TASK DESCRIPTION: Go through the material and copy each line in which the word "EDelta" shows up.

DATA TO EXAMINE:
--- START ---
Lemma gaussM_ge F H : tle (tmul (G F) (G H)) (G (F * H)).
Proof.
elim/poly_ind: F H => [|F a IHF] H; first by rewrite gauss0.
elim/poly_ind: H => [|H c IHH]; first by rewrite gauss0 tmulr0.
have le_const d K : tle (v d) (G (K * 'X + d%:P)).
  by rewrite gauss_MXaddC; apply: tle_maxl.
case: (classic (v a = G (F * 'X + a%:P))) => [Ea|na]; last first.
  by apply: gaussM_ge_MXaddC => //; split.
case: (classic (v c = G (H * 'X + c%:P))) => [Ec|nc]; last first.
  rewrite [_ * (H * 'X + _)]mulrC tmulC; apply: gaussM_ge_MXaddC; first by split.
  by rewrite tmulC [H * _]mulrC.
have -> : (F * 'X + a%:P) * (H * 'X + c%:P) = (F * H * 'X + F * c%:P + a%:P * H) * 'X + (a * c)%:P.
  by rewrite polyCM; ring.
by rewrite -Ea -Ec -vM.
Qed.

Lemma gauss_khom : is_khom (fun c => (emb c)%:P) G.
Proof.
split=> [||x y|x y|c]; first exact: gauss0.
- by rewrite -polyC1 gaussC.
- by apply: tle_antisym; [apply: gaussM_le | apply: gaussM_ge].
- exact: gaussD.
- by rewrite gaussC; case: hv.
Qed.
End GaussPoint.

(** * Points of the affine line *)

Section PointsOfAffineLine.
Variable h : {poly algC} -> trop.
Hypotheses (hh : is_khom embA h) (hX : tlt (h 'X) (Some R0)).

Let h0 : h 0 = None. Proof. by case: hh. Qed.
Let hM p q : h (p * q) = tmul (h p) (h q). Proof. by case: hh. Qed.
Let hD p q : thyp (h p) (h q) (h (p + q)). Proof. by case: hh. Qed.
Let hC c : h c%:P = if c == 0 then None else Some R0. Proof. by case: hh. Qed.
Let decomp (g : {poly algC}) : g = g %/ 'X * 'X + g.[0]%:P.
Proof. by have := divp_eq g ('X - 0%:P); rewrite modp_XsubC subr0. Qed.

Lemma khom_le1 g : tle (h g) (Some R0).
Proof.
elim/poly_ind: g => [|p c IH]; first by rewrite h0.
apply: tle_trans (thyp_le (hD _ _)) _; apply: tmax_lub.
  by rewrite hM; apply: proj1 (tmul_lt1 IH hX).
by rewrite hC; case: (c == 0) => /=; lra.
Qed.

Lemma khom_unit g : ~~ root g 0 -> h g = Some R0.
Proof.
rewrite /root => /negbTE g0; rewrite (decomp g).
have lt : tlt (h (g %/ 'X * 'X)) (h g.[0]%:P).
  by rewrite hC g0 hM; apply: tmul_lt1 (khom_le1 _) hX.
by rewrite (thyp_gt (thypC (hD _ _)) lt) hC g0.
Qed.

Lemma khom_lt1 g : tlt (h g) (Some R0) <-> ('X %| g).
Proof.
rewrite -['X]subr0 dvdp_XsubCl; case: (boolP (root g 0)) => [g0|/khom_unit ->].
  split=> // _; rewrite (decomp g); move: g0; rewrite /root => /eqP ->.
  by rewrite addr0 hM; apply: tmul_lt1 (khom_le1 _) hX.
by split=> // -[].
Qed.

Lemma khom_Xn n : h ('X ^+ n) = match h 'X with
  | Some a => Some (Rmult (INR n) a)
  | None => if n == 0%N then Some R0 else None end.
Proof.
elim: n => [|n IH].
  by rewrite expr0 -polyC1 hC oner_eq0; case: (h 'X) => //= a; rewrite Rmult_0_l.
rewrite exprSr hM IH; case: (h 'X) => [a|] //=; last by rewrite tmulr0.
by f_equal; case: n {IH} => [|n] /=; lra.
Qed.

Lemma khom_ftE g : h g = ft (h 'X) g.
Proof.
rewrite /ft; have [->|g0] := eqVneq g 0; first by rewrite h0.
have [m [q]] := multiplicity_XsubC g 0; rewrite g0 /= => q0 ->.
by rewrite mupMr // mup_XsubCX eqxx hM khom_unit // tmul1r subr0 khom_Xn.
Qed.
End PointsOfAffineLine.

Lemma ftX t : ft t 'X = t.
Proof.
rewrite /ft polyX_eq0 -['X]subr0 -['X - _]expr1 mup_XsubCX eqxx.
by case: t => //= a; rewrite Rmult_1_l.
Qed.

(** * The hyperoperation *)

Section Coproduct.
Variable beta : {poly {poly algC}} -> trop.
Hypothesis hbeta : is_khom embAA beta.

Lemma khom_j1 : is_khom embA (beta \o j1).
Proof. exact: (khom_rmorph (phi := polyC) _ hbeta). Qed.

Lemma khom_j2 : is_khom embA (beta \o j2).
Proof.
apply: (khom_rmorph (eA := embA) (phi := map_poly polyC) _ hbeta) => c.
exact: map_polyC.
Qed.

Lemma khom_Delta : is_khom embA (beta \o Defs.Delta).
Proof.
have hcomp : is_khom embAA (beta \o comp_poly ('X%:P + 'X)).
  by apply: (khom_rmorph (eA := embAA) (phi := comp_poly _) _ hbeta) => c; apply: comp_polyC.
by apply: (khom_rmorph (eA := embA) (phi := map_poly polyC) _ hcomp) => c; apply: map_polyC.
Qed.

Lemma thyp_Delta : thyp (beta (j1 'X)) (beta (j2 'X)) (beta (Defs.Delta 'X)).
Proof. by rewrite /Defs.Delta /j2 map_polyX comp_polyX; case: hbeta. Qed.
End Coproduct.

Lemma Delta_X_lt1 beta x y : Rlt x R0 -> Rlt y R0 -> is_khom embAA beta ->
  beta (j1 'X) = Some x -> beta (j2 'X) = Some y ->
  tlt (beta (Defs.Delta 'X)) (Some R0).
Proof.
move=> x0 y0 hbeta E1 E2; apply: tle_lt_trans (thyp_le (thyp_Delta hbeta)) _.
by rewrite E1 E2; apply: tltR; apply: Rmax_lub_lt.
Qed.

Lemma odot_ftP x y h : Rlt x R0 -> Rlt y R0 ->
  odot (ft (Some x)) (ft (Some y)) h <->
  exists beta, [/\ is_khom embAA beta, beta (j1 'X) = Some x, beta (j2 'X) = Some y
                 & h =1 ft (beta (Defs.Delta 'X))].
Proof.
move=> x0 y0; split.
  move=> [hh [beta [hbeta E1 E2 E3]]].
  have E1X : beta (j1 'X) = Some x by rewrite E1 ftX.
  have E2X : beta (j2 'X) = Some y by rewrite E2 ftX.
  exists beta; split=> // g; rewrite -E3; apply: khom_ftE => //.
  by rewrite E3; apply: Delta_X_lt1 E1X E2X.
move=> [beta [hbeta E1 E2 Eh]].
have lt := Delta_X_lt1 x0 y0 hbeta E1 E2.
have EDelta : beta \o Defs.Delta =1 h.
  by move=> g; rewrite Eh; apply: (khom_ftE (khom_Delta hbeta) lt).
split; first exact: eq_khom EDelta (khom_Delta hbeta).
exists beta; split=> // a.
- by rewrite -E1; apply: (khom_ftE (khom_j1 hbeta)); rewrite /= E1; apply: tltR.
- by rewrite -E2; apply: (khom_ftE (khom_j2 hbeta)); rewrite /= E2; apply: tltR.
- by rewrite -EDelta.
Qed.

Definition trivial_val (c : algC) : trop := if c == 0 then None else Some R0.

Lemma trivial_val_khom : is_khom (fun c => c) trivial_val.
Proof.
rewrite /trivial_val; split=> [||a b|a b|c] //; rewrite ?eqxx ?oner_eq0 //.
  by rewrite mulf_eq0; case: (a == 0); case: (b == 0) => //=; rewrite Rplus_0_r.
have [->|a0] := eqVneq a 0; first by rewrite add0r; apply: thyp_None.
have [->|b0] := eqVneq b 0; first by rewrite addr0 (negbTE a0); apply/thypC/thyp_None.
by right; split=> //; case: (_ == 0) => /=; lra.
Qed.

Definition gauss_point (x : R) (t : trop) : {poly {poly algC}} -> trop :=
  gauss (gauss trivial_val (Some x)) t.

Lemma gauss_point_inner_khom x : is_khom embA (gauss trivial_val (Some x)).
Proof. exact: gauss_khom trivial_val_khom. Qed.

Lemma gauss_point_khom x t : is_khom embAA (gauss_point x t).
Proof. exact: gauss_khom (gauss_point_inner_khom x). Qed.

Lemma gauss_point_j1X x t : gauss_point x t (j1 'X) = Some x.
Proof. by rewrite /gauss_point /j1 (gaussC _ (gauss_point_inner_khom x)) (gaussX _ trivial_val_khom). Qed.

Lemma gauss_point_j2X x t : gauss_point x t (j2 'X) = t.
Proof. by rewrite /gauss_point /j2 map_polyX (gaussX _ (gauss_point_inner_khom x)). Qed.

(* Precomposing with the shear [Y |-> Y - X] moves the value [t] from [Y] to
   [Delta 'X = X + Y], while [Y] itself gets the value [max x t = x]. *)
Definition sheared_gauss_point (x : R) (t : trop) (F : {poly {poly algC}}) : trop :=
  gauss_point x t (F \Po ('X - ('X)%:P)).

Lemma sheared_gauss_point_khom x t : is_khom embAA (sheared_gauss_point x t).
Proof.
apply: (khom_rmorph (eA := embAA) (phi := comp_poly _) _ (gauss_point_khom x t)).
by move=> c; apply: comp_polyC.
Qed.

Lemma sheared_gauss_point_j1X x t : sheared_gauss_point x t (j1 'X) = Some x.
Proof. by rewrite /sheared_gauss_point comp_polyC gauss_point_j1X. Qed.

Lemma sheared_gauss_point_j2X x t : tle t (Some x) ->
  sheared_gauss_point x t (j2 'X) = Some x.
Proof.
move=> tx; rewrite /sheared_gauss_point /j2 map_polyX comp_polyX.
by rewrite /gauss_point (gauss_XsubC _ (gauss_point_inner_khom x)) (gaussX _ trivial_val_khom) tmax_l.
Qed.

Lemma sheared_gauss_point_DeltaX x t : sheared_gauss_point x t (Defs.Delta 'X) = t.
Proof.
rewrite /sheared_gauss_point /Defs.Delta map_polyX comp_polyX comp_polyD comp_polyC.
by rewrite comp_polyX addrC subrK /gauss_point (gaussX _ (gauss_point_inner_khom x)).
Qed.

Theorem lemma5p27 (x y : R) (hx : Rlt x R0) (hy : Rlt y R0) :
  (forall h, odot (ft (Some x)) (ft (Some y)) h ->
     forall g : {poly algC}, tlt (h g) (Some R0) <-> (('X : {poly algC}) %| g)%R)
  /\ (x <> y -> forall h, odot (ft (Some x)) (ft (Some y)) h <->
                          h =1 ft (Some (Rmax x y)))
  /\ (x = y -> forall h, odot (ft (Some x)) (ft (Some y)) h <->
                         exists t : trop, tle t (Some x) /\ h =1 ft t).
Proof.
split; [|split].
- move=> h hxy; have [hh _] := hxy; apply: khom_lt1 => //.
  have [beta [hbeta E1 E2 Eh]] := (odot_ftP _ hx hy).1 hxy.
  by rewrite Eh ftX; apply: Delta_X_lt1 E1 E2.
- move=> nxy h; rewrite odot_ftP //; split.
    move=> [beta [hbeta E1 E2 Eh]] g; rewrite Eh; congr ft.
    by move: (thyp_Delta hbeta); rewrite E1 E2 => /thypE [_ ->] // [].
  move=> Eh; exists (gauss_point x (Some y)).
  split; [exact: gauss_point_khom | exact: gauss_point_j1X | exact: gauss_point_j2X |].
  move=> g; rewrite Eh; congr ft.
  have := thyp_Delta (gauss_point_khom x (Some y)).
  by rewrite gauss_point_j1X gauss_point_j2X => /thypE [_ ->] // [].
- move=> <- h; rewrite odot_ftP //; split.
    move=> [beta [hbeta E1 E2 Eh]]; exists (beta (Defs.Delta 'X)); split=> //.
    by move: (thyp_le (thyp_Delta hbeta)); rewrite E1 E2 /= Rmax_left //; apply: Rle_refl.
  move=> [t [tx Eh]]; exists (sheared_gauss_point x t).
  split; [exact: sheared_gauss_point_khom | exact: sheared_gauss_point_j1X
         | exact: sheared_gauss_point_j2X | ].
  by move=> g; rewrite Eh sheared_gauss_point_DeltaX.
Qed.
--- END ---
--- START ---
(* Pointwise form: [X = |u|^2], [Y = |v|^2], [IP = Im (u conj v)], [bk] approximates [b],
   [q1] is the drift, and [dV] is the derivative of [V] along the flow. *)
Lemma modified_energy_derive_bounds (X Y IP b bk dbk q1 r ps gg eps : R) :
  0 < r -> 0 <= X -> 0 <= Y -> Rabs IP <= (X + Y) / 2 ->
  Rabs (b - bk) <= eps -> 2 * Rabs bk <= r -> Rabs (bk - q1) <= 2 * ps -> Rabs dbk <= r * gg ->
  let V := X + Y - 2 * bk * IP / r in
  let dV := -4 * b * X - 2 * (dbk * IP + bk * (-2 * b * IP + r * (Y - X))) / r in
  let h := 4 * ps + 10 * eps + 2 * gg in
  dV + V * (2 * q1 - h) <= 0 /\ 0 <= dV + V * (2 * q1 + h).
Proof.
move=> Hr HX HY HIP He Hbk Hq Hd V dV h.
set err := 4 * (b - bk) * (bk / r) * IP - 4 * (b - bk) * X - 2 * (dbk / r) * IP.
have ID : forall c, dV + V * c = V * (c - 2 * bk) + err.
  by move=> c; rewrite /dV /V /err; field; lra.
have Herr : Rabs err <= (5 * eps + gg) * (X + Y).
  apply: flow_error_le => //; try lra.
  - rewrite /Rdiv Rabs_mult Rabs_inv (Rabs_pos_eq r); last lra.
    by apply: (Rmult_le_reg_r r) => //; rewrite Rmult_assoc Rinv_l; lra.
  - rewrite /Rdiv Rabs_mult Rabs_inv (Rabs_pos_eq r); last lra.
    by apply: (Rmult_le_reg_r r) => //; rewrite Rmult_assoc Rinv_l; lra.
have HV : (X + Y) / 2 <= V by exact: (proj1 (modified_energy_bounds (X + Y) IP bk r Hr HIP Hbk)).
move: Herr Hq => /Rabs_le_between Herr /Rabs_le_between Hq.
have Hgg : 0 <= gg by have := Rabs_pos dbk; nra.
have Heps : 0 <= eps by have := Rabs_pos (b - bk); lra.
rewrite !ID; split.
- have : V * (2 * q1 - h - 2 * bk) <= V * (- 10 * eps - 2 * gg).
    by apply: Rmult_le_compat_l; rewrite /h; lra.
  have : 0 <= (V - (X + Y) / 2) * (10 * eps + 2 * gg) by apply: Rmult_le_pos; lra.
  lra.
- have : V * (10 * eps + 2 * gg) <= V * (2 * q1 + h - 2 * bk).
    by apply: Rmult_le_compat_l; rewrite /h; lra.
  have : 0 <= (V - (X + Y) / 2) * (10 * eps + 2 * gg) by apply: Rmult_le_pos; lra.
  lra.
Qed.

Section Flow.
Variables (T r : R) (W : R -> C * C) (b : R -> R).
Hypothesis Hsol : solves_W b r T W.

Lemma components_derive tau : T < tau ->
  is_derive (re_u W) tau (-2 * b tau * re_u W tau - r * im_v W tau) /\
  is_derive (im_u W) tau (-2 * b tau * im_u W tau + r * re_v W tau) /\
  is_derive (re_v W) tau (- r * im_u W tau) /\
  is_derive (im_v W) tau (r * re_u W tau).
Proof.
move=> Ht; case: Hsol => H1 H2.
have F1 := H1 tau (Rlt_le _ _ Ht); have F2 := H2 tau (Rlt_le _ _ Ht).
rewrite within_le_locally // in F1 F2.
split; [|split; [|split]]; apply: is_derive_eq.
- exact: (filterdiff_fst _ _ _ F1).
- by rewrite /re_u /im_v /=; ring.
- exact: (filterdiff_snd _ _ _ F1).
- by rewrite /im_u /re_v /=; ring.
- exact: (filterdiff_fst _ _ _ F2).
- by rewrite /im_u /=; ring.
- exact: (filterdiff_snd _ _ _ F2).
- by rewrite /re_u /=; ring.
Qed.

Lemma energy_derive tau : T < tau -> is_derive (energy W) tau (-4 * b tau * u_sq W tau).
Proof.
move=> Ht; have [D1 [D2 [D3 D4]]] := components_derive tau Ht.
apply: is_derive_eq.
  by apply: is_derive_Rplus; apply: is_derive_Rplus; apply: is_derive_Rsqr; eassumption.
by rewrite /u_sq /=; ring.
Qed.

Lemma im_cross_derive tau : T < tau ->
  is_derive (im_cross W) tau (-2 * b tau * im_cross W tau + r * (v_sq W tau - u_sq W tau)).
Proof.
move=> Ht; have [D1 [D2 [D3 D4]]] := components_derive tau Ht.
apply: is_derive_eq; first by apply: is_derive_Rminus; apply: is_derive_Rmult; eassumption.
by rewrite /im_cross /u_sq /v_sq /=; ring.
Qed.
--- END ---
WRITTEN RESPONSE:
have EDelta : beta \o Defs.Delta =1 h.
split; first exact: eq_khom EDelta (khom_Delta hbeta).
- by rewrite -EDelta.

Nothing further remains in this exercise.